CHAPTER XXVII.

[THE MONSTER LET LOOSE.]

Neither man spoke. Phelan's amazement had bereft him of words. He knew the place thoroughly. He had known and feared it from his earliest years. To left and right were perpendicular cliffs. In front stretched the evil Black Rock. From where they stood descended the pathway to the table rock below. On the broken ground around them was nothing taller than dwarf bushes, which could not conceal a goat and to reach which the sure-footedness of a goat would have been needed. In his youth Phelan had been as bold as any lad in the village. But neither he nor any other lad of the village had ever dared to tempt death on those steep, friable, rotten slopes.

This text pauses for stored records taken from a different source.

(* Let $R$ be a ring with unity and involution $*$, let $a\in R$ and let $m$ be a nonnegative integer. Then $a$ is left dual core invertible if and only if $a$ is left dual $a^m$-core invertible.
   Context: Here $a^0=1$. An element $a$ is left dual core invertible if there exists $x\in R$ with $axa=a$, $(xa)^*=xa$ and $x^2a=x$. For $v\in R$, $a$ is left dual $v$-core invertible if there exists $x\in R$ with $axva=a$, $(xva)^*=xva$ and $x^2va=x$. *)

From mathcomp Require Import all_boot all_algebra.
Set Implicit Arguments. Unset Strict Implicit. Unset Printing Implicit Defensive.
Import GRing.Theory.
Local Open Scope ring_scope.

Definition is_involution (R : pzRingType) (star : R -> R) : Prop :=
  (forall a b : R, star (a + b) = star a + star b) /\
  (forall a b : R, star (a * b) = star b * star a) /\
  (forall a : R, star (star a) = a).

Definition left_dual_core_invertible (R : pzRingType) (star : R -> R) (a : R) : Prop :=
  exists x : R, a * x * a = a /\ star (x * a) = x * a /\ x ^+ 2 * a = x.

Definition left_dual_v_core_invertible (R : pzRingType) (star : R -> R) (v a : R) : Prop :=
  exists x : R, a * x * v * a = a /\ star (x * v * a) = x * v * a
                /\ x ^+ 2 * v * a = x.

From mathcomp Require Import all_boot all_algebra.
Local Open Scope ring_scope.
Import GRing.Theory.

(* If x is a left dual core inverse of a, then x * (x * a) = x gives
   x^(k+1) a^(k+1) = x a, so x^(m+1) is a left dual a^m-core inverse with the
   same projection x a.  Conversely, if y is a left dual a^m-core inverse, then
   y a^m is a left dual core inverse: the only nontrivial identity is
   a^m y a^m a = a^m, which follows from a y a^m a = a when m > 0 (for m = 0 the
   two definitions coincide). *)

Section LeftDualCore.

Variables (R : pzRingType) (star : R -> R).

Lemma mul_mulr_sqr (x a : R) : x ^+ 2 * a = x -> x * (x * a) = x.
Proof. by rewrite mulrA -expr2. Qed.

Lemma exprS_mul_exprS (x a : R) (k : nat) :
  x ^+ 2 * a = x -> x ^+ k.+1 * a ^+ k.+1 = x * a.
Proof.
move=> x2a; elim: k => [|k IHk]; first by rewrite !expr1.
have -> : x ^+ k.+2 = x ^+ k * x ^+ 2 by rewrite -exprD addn2.
by rewrite [a ^+ k.+2]exprS mulrA -(mulrA (x ^+ k)) x2a -exprSr.
Qed.

Lemma exprS_mul_inner (a y v : R) (k : nat) :
  a * y * v * a = a -> a ^+ k.+1 * y * v * a = a ^+ k.+1.
Proof. by move=> ayva; rewrite exprSr -!mulrA (mulrA a y) (mulrA (a * y)) ayva. Qed.

Lemma left_dual_core_expr_core (a : R) (m : nat) :
  left_dual_core_invertible star a -> left_dual_v_core_invertible star (a ^+ m) a.
Proof.
case=> x [axa [selfadj x2a]]; exists (x ^+ m.+1).
have proj : x ^+ m.+1 * a ^+ m * a = x * a.
  by rewrite -mulrA -exprSr exprS_mul_exprS.
split; first by rewrite -!mulrA (mulrA _ _ a) proj mulrA.
split; first by rewrite proj.
by rewrite expr2 -!mulrA (mulrA _ _ a) proj exprSr -mulrA mul_mulr_sqr.
Qed.

Lemma left_dual_expr_core_core (a : R) (m : nat) :
  left_dual_v_core_invertible star (a ^+ m) a -> left_dual_core_invertible star a.
Proof.
case=> y [ayva [selfadj y2va]]; exists (y * a ^+ m).
split; first by rewrite mulrA.
split; first by [].
case: m ayva selfadj y2va => [|k] ayva _ y2va; first by rewrite expr0 !mulr1 in y2va *.
by rewrite expr2 -!mulrA (mulrA (a ^+ k.+1)) (mulrA (a ^+ k.+1 * y)) exprS_mul_inner.
Qed.

End LeftDualCore.

Theorem corollary3p5 (R : pzRingType) (star : R -> R) (a : R) (m : nat) :
  is_involution star ->
  (left_dual_core_invertible star a <-> left_dual_v_core_invertible star (a ^+ m) a).
Proof.
move=> _; split; [exact: left_dual_core_expr_core | exact: left_dual_expr_core_core].
Qed.
Lemma path_mean_variation_le_expR n j x y (L : R) (g : seq E -> R) :
  Kp j x -> Kp j y -> (forall s, 0 <= g s) ->
  path_mean w p n x (fun s => (variation δ x y s <= L)%R%:R * g s) <=
    expR L * path_mean w p n y g.
Proof.
elim: n j x y L g => [|n IH] j x y L g jx jy g0 /=.
  have [L0|] := leP 0 L; last by rewrite mul0r mulr_ge0 ?expR_ge0.
  by rewrite mul1r ler_peMl // -expR0 ler_expR.
rewrite mulr_sumr; apply: ler_sum => e _.
have [ex|/cms_p_out->] := pselect (Kp (ini e) x); last first.
  rewrite mul0r; apply: mulr_ge0 (expR_ge0 _) (mulr_ge0 (cms_p_ge0 _ _) _).
  by apply: (path_mean_ge0 cms_p_ge0) => s; exact: g0.
have ey : Kp (ini e) y by rewrite -(cms_Kp_inj jx ex).
set u := `|p e x - p e y| / δ.
under eq_fun => s do rewrite -lerBrDl.
apply: le_trans (ler_wpM2l (cms_p_ge0 e x)
  (IH _ _ _ (L - u) _ (cms_w ex) (cms_w ey) (fun s => g0 _))) _.
rewrite !mulrA ler_wpM2r //; first by apply: (path_mean_ge0 cms_p_ge0) => s; exact: g0.
rewrite expRD expRN mulrCA.
rewrite ler_pM2l ?expR_gt0 // ler_pdivrMr ?expR_gt0 //.
exact: p_le_expR_variation.
Qed.

Lemma path_mean_variation_le n j x y (τ : nat -> R) : Kp j x -> Kp j y ->
  (forall k, 0 < τ k) ->
  δ * path_mean w p n x (variation δ x y) <=
    \sum_(k < n) modulus_sum (τ k) + d x y * \sum_(k < n) a ^+ k / τ k.
Proof.
elim: n j x y τ => [|n IH] j x y τ jx jy τ0 /=.
  by rewrite !big_ord0 !mulr0 addr0.
set S := \sum_(k < n) a ^+ k / τ k.+1.
set B := \sum_(k < n) modulus_sum (τ k.+1).
have S0 : 0 <= S.
  by rewrite sumr_ge0 // => k _; rewrite divr_ge0 ?exprn_ge0 ?ltW //; case/andP: cms_a.
have step e :
    δ * (p e x * path_mean w p n (w e x) (fun s => variation δ x y (e :: s))) <=
    p e x * (modulus_sum (τ 0%N) + d x y / τ 0%N + B + d (w e x) (w e y) * S).
  have [ex|/cms_p_out->] := pselect (Kp (ini e) x); last by rewrite !mul0r mulr0.
  have ey : Kp (ini e) y by rewrite -(cms_Kp_inj jx ex).
  rewrite /= path_meanD (path_mean_cst cms_p_sum1) mulrCA ler_wpM2l ?cms_p_ge0 //.
  rewrite mulrDr [δ * (_ / δ)]mulrC divfK ?gt_eqF //.
  have := cms_dist_p_le_modulus (τ0 0%N) ex ey.
  have := IH _ _ _ (fun k => τ k.+1) (cms_w ex) (cms_w ey) (fun k => τ0 k.+1).
  rewrite -/S -/B; lra.
rewrite mulr_sumr; apply: le_trans (ler_sum _ (fun e _ => step e)) _.
rewrite (eq_bigr (fun e => (modulus_sum (τ 0%N) + d x y / τ 0%N + B) * p e x +
    S * (p e x * d (w e x) (w e y)))); last by move=> e _; ring.
rewrite big_split /= -!mulr_sumr cms_p_sum1 mulr1 !big_ord_recl expr0 mul1r.
have -> : \sum_(k < n) modulus_sum (τ (lift ord0 k)) = B.
  by apply: eq_bigr => k _; rewrite lift0.
have -> : \sum_(k < n) a ^+ lift ord0 k / τ (lift ord0 k) = a * S.
  by rewrite mulr_sumr; apply: eq_bigr => k _; rewrite lift0 exprS mulrA.
have := cms_contract jx jy; have := cms_d_ge0 x y; nra.
Qed.
Lemma block_rows_orthonormal o :
  left_block o *m (left_block o)^t* + right_block o *m (right_block o)^t* = 1%:M.
Proof.
have [_ UUt] := unitU.
apply/matrixP => a a'; rewrite !mxE.
transitivity (mulmx_band L U (adj U) (o + a%:Z) (o + a'%:Z)).
  rewrite mulmx_bandE (@eq_zsum_supp _ _ _ (o - L%:Z) (M + M)).
    rewrite zsum_cat; congr (_ + _); apply: eq_bigr => b _; rewrite !mxE //.
    by have -> : o - L%:Z + M%:Z + b%:Z = o + L%:Z + b%:Z by lia.
  move=> k /mulf_neq0_factors[/(prop_le_supp propU) ? _].
  by have := ltn_ord a; move=> ?; apply/and4P; split; lia.
by rewrite UUt /idmx (inj_eq (addrI _)) eqz_nat.
Qed.

Lemma block_cols_orthonormal o :
  (left_block o)^t* *m left_block o + (right_block (o - M%:Z))^t* *m right_block (o - M%:Z)
  = 1%:M.
Proof.
have [UtU _] := unitU.
apply/matrixP => b b'; rewrite !mxE.
transitivity (mulmx_band L (adj U) U (o - L%:Z + b%:Z) (o - L%:Z + b'%:Z)).
  rewrite mulmx_bandE (@eq_zsum_supp _ _ _ (o - M%:Z) (M + M)).
    rewrite zsum_cat addrC; congr (_ + _); apply: eq_bigr => a _; rewrite !mxE.
      by have -> : o - M%:Z + L%:Z = o - L%:Z by lia.
    by have -> : o - M%:Z + M%:Z = o by lia.
  move=> k /mulf_neq0_factors[]; rewrite conjc_eq0 => /(prop_le_supp propU) ? _.
  by have := ltn_ord b; move=> ?; apply/and4P; split; lia.
by rewrite UtU /idmx (inj_eq (addrI _)) eqz_nat.
Qed.

Lemma left_gram_trace_const n :
  \tr (left_block (M%:Z * n) *m (left_block (M%:Z * n))^t*) =
  \tr (left_block 0 *m (left_block 0)^t*).
Proof.
pose f m := \tr (left_block (M%:Z * m) *m (left_block (M%:Z * m))^t*).
suff f_step m : f m = f (m - 1) by have := int_step_const f_step n; rewrite /f mulr0.
rewrite /f mulrBr mulr1.
have rows := congr1 mxtrace (block_rows_orthonormal (M%:Z * m - M%:Z)).
have cols := congr1 mxtrace (block_cols_orthonormal (M%:Z * m)).
rewrite mxtraceD in rows.
rewrite mxtraceD mxtrace_mulC [X in _ + X = _]mxtrace_mulC in cols.
apply: (addIr (\tr (right_block (M%:Z * m - M%:Z) *m (right_block (M%:Z * m - M%:Z))^t*))).
by rewrite cols rows.
Qed.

Beyond all doubt he had seen the figure of a man disappear over this cliff a few moments ago. Where was he--it--now? The Black Rock lay bare, naked, at their feet. A man's head could not be hidden there. Whither had that figure gone? It could not have reached the sea in the time. The monster had not yet broken loose, and the man could not have been swept into the water. No shattered corpse lay on the greasy rock beneath. A man cannot fly. What had become of this man? Or had they seen a ghost?

He turned to O'Brien and noticed that the latter looked pale and scared.

"You saw him?" he shouted above the storm. "You saw him as plain as daylight?"

"Yes."

"What do you make of it?"

"I don't know."

Once more Phelan looked carefully around him. Absolutely no trace of man was to be seen. Except for their presence, the place might have been alone since the making of the world. He again turned to O'Brien.